The Enterprise-D visits Starbase 179 and takes on some replacement crew as part of an Officer Exchange Program. Picard notes that Starfleet thinks it would be a good idea for someone from the Enterprise to participate as well—and mentions that there is a Klingon vessel, the Pagh, in the area that would agree to take on an exchange officer. Inspired, Riker volunteers to participate because "nobody's ever done it before." He has a slightly rocky start, but manages to develop a camaraderie with most of the crew of the Pagh. Most of the crew, anyway—the overly paranoid Captain Kargan is a different story.

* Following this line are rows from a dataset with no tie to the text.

(* Let $n>1$ be an odd integer, $k\ge1$, and $p$ the smallest prime divisor of $n$. Then $\mathrm{C}^{n,k}_{\mathrm{RDH}}$ is $\frac{1}{p-1}$-secure against substitution attacks: for every function $\mathcal{F}:\mathbb{Z}_n^k\times\mathbb{Z}_n\to\mathbb{Z}_n^k\times\mathbb{Z}_n$, $$\Pr_{\mathbf{m},\mathbf{x}\leftarrow\mathbb{Z}_n^k,\ \mathbf{y}\leftarrow(\mathbb{Z}_n^* )^k}\big[\mathcal{F}(c)\ne c\ \wedge\ \mathcal{D}_{\mathbf{x}\|\mathbf{y}}(\mathcal{F}(c))\ne\bot\big]\le\frac{1}{p-1},\quad\text{where } c=\mathcal{E}_{\mathbf{x}\|\mathbf{y}}(\mathbf{m}).$$
   Context: For $\mathbf{y}\in(\mathbb{Z}_n^* )^k$ and $\mathbf{m}\in\mathbb{Z}_n^k$ let $\Upsilon_{\mathbf{y}}(\mathbf{m})=\sum_{i=1}^k m_iy_i\bmod n$. The code $\mathrm{C}^{n,k}_{\mathrm{RDH}}$ has source states $\mathbb{Z}_n^k$, keys $\mathbf{x}\|\mathbf{y}\in\mathbb{Z}_n^k\times(\mathbb{Z}_n^* )^k$, ciphertexts $\mathbf{c}\|t\in\mathbb{Z}_n^k\times\mathbb{Z}_n$, encryption $\mathcal{E}_{\mathbf{x}\|\mathbf{y}}(\mathbf{m})=(\mathbf{m}+\mathbf{x}\bmod n)\,\|\,\Upsilon_{\mathbf{y}}(\mathbf{m})$, and decryption $\mathcal{D}_{\mathbf{x}\|\mathbf{y}}(\mathbf{c}\|t)=\mathbf{c}-\mathbf{x}\bmod n$ if $\Upsilon_{\mathbf{y}}(\mathbf{c}-\mathbf{x})=t$ and $\bot$ otherwise. All random choices are uniform and independent; the forger $\mathcal{F}$ is an arbitrary (computationally unrestricted) function. *)

From HB Require Import structures.
From mathcomp Require Import all_boot all_order all_fingroup all_algebra.
Set Implicit Arguments. Unset Strict Implicit. Unset Printing Implicit Defensive.
Import GRing.Theory Num.Theory.
Local Open Scope ring_scope.

Definition vec (n k : nat) := {ffun 'I_k -> 'Z_n}.
Definition uvec (n k : nat) := {ffun 'I_k -> {unit 'Z_n}}.
Definition ctext (n k : nat) := (vec n k * 'Z_n)%type.

Definition Upsilon n k (y : uvec n k) (m : vec n k) : 'Z_n :=
  \sum_(i < k) m i * val (y i).

Definition Enc n k (x : vec n k) (y : uvec n k) (m : vec n k) : ctext n k :=
  ([ffun i => m i + x i], Upsilon y m).

(* None plays the role of bottom *)
Definition Dec n k (x : vec n k) (y : uvec n k) (ct : ctext n k) : option (vec n k) :=
  let d := [ffun i => ct.1 i - x i] in
  if Upsilon y d == ct.2 then Some d else None.

(* Success probability of the substitution forger F, with m, x uniform in
   Z_n^k and y uniform in units^k, all independent. *)
Definition subst_success n k (F : ctext n k -> ctext n k) : rat :=
  (#|[set w : vec n k * vec n k * uvec n k |
        let: (m, x, y) := w in
        let c := Enc x y m in (F c != c) && (Dec x y (F c) != None)]|%:R)
  / (#|{: vec n k * vec n k * uvec n k}|%:R).

From HB Require Import structures.
From mathcomp Require Import all_boot all_order all_fingroup all_algebra.
From mathcomp Require Import zify.
Set Implicit Arguments. Unset Strict Implicit. Unset Printing Implicit Defensive.
Import GRing.Theory Num.Theory.
Local Open Scope ring_scope.

(** Let [p = pdiv n].  Given a successful triple [(m, x, y)] with ciphertext
    [c], pick a coordinate [i] where [F c] changes the message part, and for
    [j = 1, ..., p - 1] (all units of [Z_n]) divide [m_i] by [j], multiply
    [y_i] by [j] and readjust [x]: the ciphertext is unchanged.  These
    rescalings are injective on (successful triple, [j]).  If the images of
    [(y, j)] and [(y', j')] agree, both keys accept [F c], so with
    [delta = (F c).1 - c.1] we get [delta_i y_i = delta_i y'_i], while
    [y_i j = y'_i j']; hence [delta_i y_i (j - j') = 0], and [j - j'] is a
    unit because [|j - j'| < p], so [j = j'] since [delta_i <> 0].  Thus
    [(p - 1)] times the number of successes is at most the size of the
    sample space. *)

Lemma unitZp_lt_pdiv (n a : nat) :
  (1 < n)%N -> (0 < a < pdiv n)%N -> (a%:R : 'Z_n) \is a GRing.unit.
Proof.
move=> n_gt1 /andP[a_gt0 a_lt_p]; rewrite unitZpE //; apply/negPn/negP => not_coprime.
have gcd_gt1 : (1 < gcdn n a)%N.
  by rewrite ltn_neqAle eq_sym not_coprime gcdn_gt0 a_gt0 orbT.
have := leq_trans (pdiv_min_dvd gcd_gt1 (dvdn_gcdl n a)) (dvdn_leq a_gt0 (dvdn_gcdr n a)).
by rewrite leqNgt a_lt_p.
Qed.

Lemma scaled_collision_eq0 (R : comUnitRingType) (d a b u v : R) :
  a \is a GRing.unit -> u - v \is a GRing.unit ->
  d * a = d * b -> a * u = b * v -> d = 0.
Proof.
move=> a_unit uv_unit da_db au_bv.
have annihilated : d * a * (u - v) = 0.
  by rewrite mulrBr -mulrA au_bv mulrA -da_db -mulrA subrr.
apply: (mulIr a_unit); apply: (mulIr uv_unit).
by rewrite annihilated !mul0r.
Qed.

Lemma ratio_le_inv_pred (R : numFieldType) (a t p : nat) :
  (1 < p)%N -> (a * p.-1 <= t)%N -> (a%:R / t%:R : R) <= 1 / (p%:R - 1).
Proof.
move=> p_gt1 bound.
have -> : (p%:R - 1 : R) = p.-1%:R by rewrite -{1}(prednK (ltnW p_gt1)) -natr1 addrK.
have p1_gt0 : (0 < p.-1%:R :> R) by rewrite ltr0n -ltnS prednK // ltnW.
case: (posnP t) => [->|t_gt0]; first by rewrite invr0 mulr0 mul1r invr_ge0 ler0n.
by rewrite mul1r ler_pdivrMr ?ltr0n // mulrC ler_pdivlMr // -natrM ler_nat.
Qed.

Section SmallUnits.
Variables (n : nat) (n_gt1 : (1 < n)%N).

Definition small_unit (j : 'I_(pdiv n).-1) : {unit 'Z_n} := insubd (1%g : {unit 'Z_n}) j.+1%:R.

Lemma small_unit_bounds (j : 'I_(pdiv n).-1) : (0 < j.+1 < pdiv n)%N.
Proof. by have := ltn_ord j; have := pdiv_gt0 n; lia. Qed.

Lemma val_small_unit j : val (small_unit j) = j.+1%:R.
Proof. by rewrite insubdK // unitZp_lt_pdiv ?small_unit_bounds. Qed.

Lemma small_unit_subr_unit j1 j2 :
  j1 != j2 -> val (small_unit j1) - val (small_unit j2) \is a GRing.unit.
Proof.
have := small_unit_bounds j1; have := small_unit_bounds j2.
rewrite !val_small_unit => j2_bounds j1_bounds j1_neq_j2.
case: (ltngtP j1 j2) => [lt|lt|/val_inj eq]; last by rewrite eq eqxx in j1_neq_j2.
- by rewrite -opprB unitrN -natrB ?unitZp_lt_pdiv //; lia.
- by rewrite -natrB ?unitZp_lt_pdiv //; lia.
Qed.

End SmallUnits.

Section Code.
Variables (n k : nat).
Implicit Types (m x : vec n k) (y : uvec n k) (c : ctext n k).

Lemma UpsilonB y (a b : vec n k) : Upsilon y (a - b) = Upsilon y a - Upsilon y b.
Proof. by rewrite /Upsilon -sumrB; apply: eq_bigr => l _; rewrite !ffunE mulrBl. Qed.

Lemma Enc_fst x y m : (Enc x y m).1 = m + x.
Proof. by apply/ffunP => l; rewrite !ffunE. Qed.

Lemma Dec_accepts x y c : (Dec x y c != None) = (Upsilon y (c.1 - x) == c.2).
Proof.
have -> : c.1 - x = [ffun l => c.1 l - x l] by apply/ffunP => l; rewrite !ffunE.
by rewrite /Dec /=; case: ifP.
Qed.

Lemma accepted_shift x y m c :
  Dec x y c != None -> Upsilon y (c.1 - (Enc x y m).1) = c.2 - (Enc x y m).2.
Proof.
rewrite Dec_accepts Enc_fst => /eqP accepted.
by rewrite opprD addrA addrAC UpsilonB accepted.
Qed.

Lemma accepted_forgery_fst x y m c :
  c != Enc x y m -> Dec x y c != None -> c.1 != (Enc x y m).1.
Proof.
move=> c_new; rewrite Dec_accepts; apply: contraTneq => same_fst.
move: c_new; rewrite same_fst Enc_fst addrK; case: c same_fst => c1 t /= ->.
by apply: contraNneq => <-.
Qed.

Lemma Upsilon_eq_at y1 y2 d i :
  (forall l, l != i -> y1 l = y2 l) -> Upsilon y1 d = Upsilon y2 d ->
  d i * val (y1 i) = d i * val (y2 i).
Proof.
move=> y_off_i; rewrite /Upsilon (bigD1 i) //= [in RHS](bigD1 i) //=.
rewrite (eq_bigr (fun l => d l * val (y2 l))) => [|l /y_off_i -> //].
exact: addIr.
Qed.

Definition rescale (i : 'I_k) (u : {unit 'Z_n}) (w : vec n k * vec n k * uvec n k) :=
  let: (m, x, y) := w in
  let m' := [ffun l => if l == i then m l / val u else m l] in
  (m', m + x - m', [ffun l => if l == i then (y l * u)%g else y l]).

Definition ciphertext (w : vec n k * vec n k * uvec n k) : ctext n k :=
  let: (m, x, y) := w in Enc x y m.

Lemma ciphertext_rescale i u w : ciphertext (rescale i u w) = ciphertext w.
Proof.
case: w => [[m x] y]; rewrite /ciphertext /= /Enc; congr pair.
  by apply/ffunP => l; rewrite !ffunE addrC subrK.
rewrite /Upsilon; apply: eq_bigr => l _; rewrite !ffunE.
case: ifP => // _; rewrite FinRing.val_unitM [val (y l) * _]mulrC mulrA divrK //.
exact: valP.
Qed.

Lemma rescale_inj i u : injective (rescale i u).
Proof.
move=> [[m1 x1] y1] [[m2 x2] y2] [eq_m' eq_x' eq_y'].
have u_inv_unit : (val u)^-1 \is a GRing.unit by rewrite unitrV; exact: valP.
have eq_m : m1 = m2.
  apply/ffunP => l; move/ffunP: eq_m' => /(_ l); rewrite !ffunE.
  by case: eqP => // _ /(mulIr u_inv_unit).
have eq_y : y1 = y2.
  apply/ffunP => l; move/ffunP: eq_y' => /(_ l); rewrite !ffunE.
  by case: eqP => // _ /mulIg.
by move: eq_x'; rewrite eq_m' eq_m => /subIr /addrI ->; rewrite eq_y.
Qed.

End Code.
Arguments ciphertext {n k}.

Section Forger.
Variables (n k : nat) (n_gt1 : (1 < n)%N) (F : ctext n k -> ctext n k).
Local Notation sample := (vec n k * vec n k * uvec n k)%type.
Implicit Types w : sample.

Definition forgeries := [set w : sample | let: (m, x, y) := w in
  let c := Enc x y m in (F c != c) && (Dec x y (F c) != None)].

Definition forged_slot (c : ctext n k) : option 'I_k := [pick l | (F c).1 l != c.1 l].

Lemma forged_slot_some w : w \in forgeries ->
  exists2 i, forged_slot (ciphertext w) = Some i &
             (F (ciphertext w)).1 i != (ciphertext w).1 i.
Proof.
case: w => [[m x] y]; rewrite inE /= => /andP[c_new accepted].
rewrite /forged_slot; case: pickP => [i moved|unmoved]; first by exists i.
case/negP: (accepted_forgery_fst c_new accepted); apply/eqP/ffunP => l.
by apply/eqP/negbFE; rewrite unmoved.
Qed.

Lemma rescale_collision_nonunit i u1 u2 w1 w2 :
  w1 \in forgeries -> w2 \in forgeries -> forged_slot (ciphertext w1) = Some i ->
  rescale i u1 w1 = rescale i u2 w2 -> val u1 - val u2 \isn't a GRing.unit.
Proof.
move=> forged1 forged2 slot1 same_image.
have same_c := congr1 ciphertext same_image; rewrite !ciphertext_rescale in same_c.
have [i' slot1' moved] := forged_slot_some forged1.
move: slot1'; rewrite slot1 => -[eq_i]; subst i'; clear slot1.
move: same_image same_c forged1 forged2 moved; case: w1 => [[m1 x1] y1].
case: w2 => [[m2 x2] y2]; rewrite !inE /ciphertext /= => -[_ _ eq_y] same_c.
move=> /andP[_ accepted1] /andP[_ accepted2] moved.
set d := (F (Enc x1 y1 m1)).1 - (Enc x1 y1 m1).1.
have same_shift : Upsilon y1 d = Upsilon y2 d.
  have := accepted_shift m2 accepted2; rewrite -same_c => ->.
  exact: accepted_shift.
have y_off_i l : l != i -> y1 l = y2 l.
  by move=> /negbTE l_ne_i; move/ffunP: eq_y => /(_ l); rewrite !ffunE l_ne_i.
have y_at_i : val (y1 i) * val u1 = val (y2 i) * val u2.
  by move/ffunP: eq_y => /(_ i); rewrite !ffunE eqxx => /(congr1 val); rewrite !FinRing.val_unitM.
have d_i_neq0 : d i != 0 by move: moved; rewrite -subr_eq0 /d !ffunE.
apply/negP => u_diff_unit; move/eqP: d_i_neq0; apply.
exact: scaled_collision_eq0 (valP (y1 i)) u_diff_unit (Upsilon_eq_at y_off_i same_shift) y_at_i.
Qed.

Definition rescale_by_small_unit (wj : sample * 'I_(pdiv n).-1) : sample :=
  let: (w, j) := wj in
  if forged_slot (ciphertext w) is Some i then rescale i (small_unit j) w else w.

Lemma rescale_by_small_unit_inj :
  {in setX forgeries [set: 'I_(pdiv n).-1] &, injective rescale_by_small_unit}.
Proof.
move=> [w1 j1] [w2 j2] /setXP[forged1 _] /setXP[forged2 _] /=.
have [i slot1 _] := forged_slot_some forged1.
have [i2 slot2 _] := forged_slot_some forged2.
rewrite slot1 slot2 => same_image.
have := congr1 (forged_slot \o ciphertext) same_image.
rewrite /= !ciphertext_rescale slot1 slot2 => -[eq_i]; subst i2.
have eq_j : j1 = j2.
  apply/eqP; apply: contraNT (rescale_collision_nonunit forged1 forged2 slot1 same_image).
  exact: small_unit_subr_unit.
by subst j2; rewrite (rescale_inj same_image).
Qed.

Lemma card_forgeries_bound : (#|forgeries| * (pdiv n).-1 <= #|{: sample}|)%N.
Proof.
rewrite -[X in (_ * X)%N]card_ord -cardsT -cardsX.
by rewrite -(card_in_imset rescale_by_small_unit_inj) max_card.
Qed.

End Forger.

Theorem mainTheorem7 (n k : nat) (Hn : (1 < n)%N) (Hodd : odd n) (Hk : (0 < k)%N)
  (F : ctext n k -> ctext n k) :
  subst_success F <= 1 / ((pdiv n)%:R - 1 : rat).
Proof.
apply: ratio_le_inv_pred; first exact/prime_gt1/pdiv_prime.
exact: card_forgeries_bound.
Qed.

Meanwhile, the exchange officers on the Enterprise are adjusting. The overly-eager Ensign Mendon, a Benzite, irritates Worf with his constant suggestions for improvement and apparent arrogance, and when he discovers a potentially dangerous bacteria on both the hull of the Enterprise and the Pagh, he waits overly long to inform Picard of the discovery. When questioned, he states that it is a Benzite regulation to wait until they have a full analysis and resolution before reporting the problem. Picard informs him that if there is a potential for danger to the ship, he should inform the bridge immediately and continue his analysis. Upon discovering that the bacteria is chewing a hole in the hull, and that the Pagh is even more susceptible, the Enterprise changes course to intercept the Klingon ship to warn them of the potential danger.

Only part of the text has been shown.